Neill Walker was a WWII pilot until his fateful flight in 1943, which saw the end of his military career as well as his life. His crash was witnessed by an Italian family which was sympathetic with other families who lost their young to the battles of the war. When his plane came down, it crash-landed mere feet away from where Caroline and Gaetano Simonelli were living as children at the time. The WWII pilot was ceremoniously buried on their farm.
The Simonelli family did not agree with the then-current fascist policies of Italy, and felt compassion for the family who lost the young Allied airmen to the effort for freedom. They recently met with the surviving family of the WWII pilot. Both of them took part in the same memorial service, one family thankful for the Simonellis’ treatment of their relative’s body, the other thankful for Walker’s service in the liberation of Italy from a fascist regime.
Walker hailed from Rock Hill, from which many youths came during the war to fight for freedom. He had been a college student at the time, but dropped out for what he considered to be a much greater cause. The Simonelli family did not know the identity of the WWII pilot when they first honored his sacrifice so many years ago, nor did Walker’s family know anything of those who buried him. Even the military was not immediately aware that Walker had died, the HeraldOnline.com reports.

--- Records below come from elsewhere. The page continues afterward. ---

Lemma falsif_liftC C f x l : x \in falsif (liftC C f) -> l \in C ->
  encodes x l.1 (f l) /\ x (inr (l.1, f l)) = ~~ l.2.
Proof.
rewrite inE => /forall_inP x_fals lC; split.
  by move=> j'; have := x_fals _ (liftC_x f j' lC); rewrite /sat_lit /=; case: (x _); case: bit.
by have := x_fals _ (liftC_y f lC); rewrite /sat_lit /=; case: (x _); case: l.2.
Qed.

Lemma liftIND_unsat (phi : cnf 'I_N) : unsat phi -> unsat (liftIND ell phi).
Proof.
move=> unsat_phi [a sat_a]; apply: unsat_phi.
have dec i : exists j : 'I_(2 ^ ell), [forall j' : 'I_ell, a (inl (i, j')) == bit j j'].
  pose b j' := if insub j' is Some o then a (inl (i, o)) else false.
  have [j lt_j Ej] := bit_surj ell b; exists (Ordinal lt_j); apply/forallP => j' /=.
  by rewrite Ej ?ltn_ord // /b valK.
pose d i := xchoose (dec i).
have d_enc i : encodes a i (d i) by move=> j'; apply/eqP/(forallP (xchooseP (dec i))).
exists [ffun i => a (inr (i, d i))] => C CF.
have /exists_inP [l' /bigcupP [l lC]] : sat_clause a (liftC C [ffun l => d l.1]).
  by apply: sat_a; apply/bigcupP; exists C => //; apply/imsetP; exists [ffun l => d l.1].
rewrite ffunE => /setU1P [-> sat_y|/imsetP [j' _ ->]].
  by apply/exists_inP; exists l; rewrite // /sat_lit ffunE.
by rewrite /sat_lit /= d_enc; case: bit.
Qed.

End LiftedClauses.

(** * Tree-like resolution: size against width *)

Lemma nat_min_le (P : nat -> Prop) n : P n -> nat_min P <= n.
Proof.
move=> Pn; rewrite /nat_min; case: excluded_middle_informative => [ex|] //.
case: ex_minnP => m _; apply; rewrite /pbool; by case: excluded_middle_informative.
Qed.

Despite the lack of information on both sides, Walker’s family was determined to discover the fate of his body. Guy and Caroline Simonelli were eager to meet the Walkers once contacted; they had buried him with full knowledge that the WWII pilot had family back home who would want to see his body treated with grace and kindness. Walker had been found in 1948, his body transported to America, but still his family knew nothing of those who had buried him.
The meeting between the family of the WWII pilot and the Simonelli siblings was thus enlightening, as it answered questions on both sides. One family got to meet the kin of those who brought a heroic young man into the world, and the other family got to meet those who brought him out of it. Many others attended the recent memorial, though none so connected as the Simonelli and Walker families. Though somber, it was also a joyous occasion; the death of a single WWII pilot was enough to bring two families together as one, bridging gaps between once-divided nations over generations of history.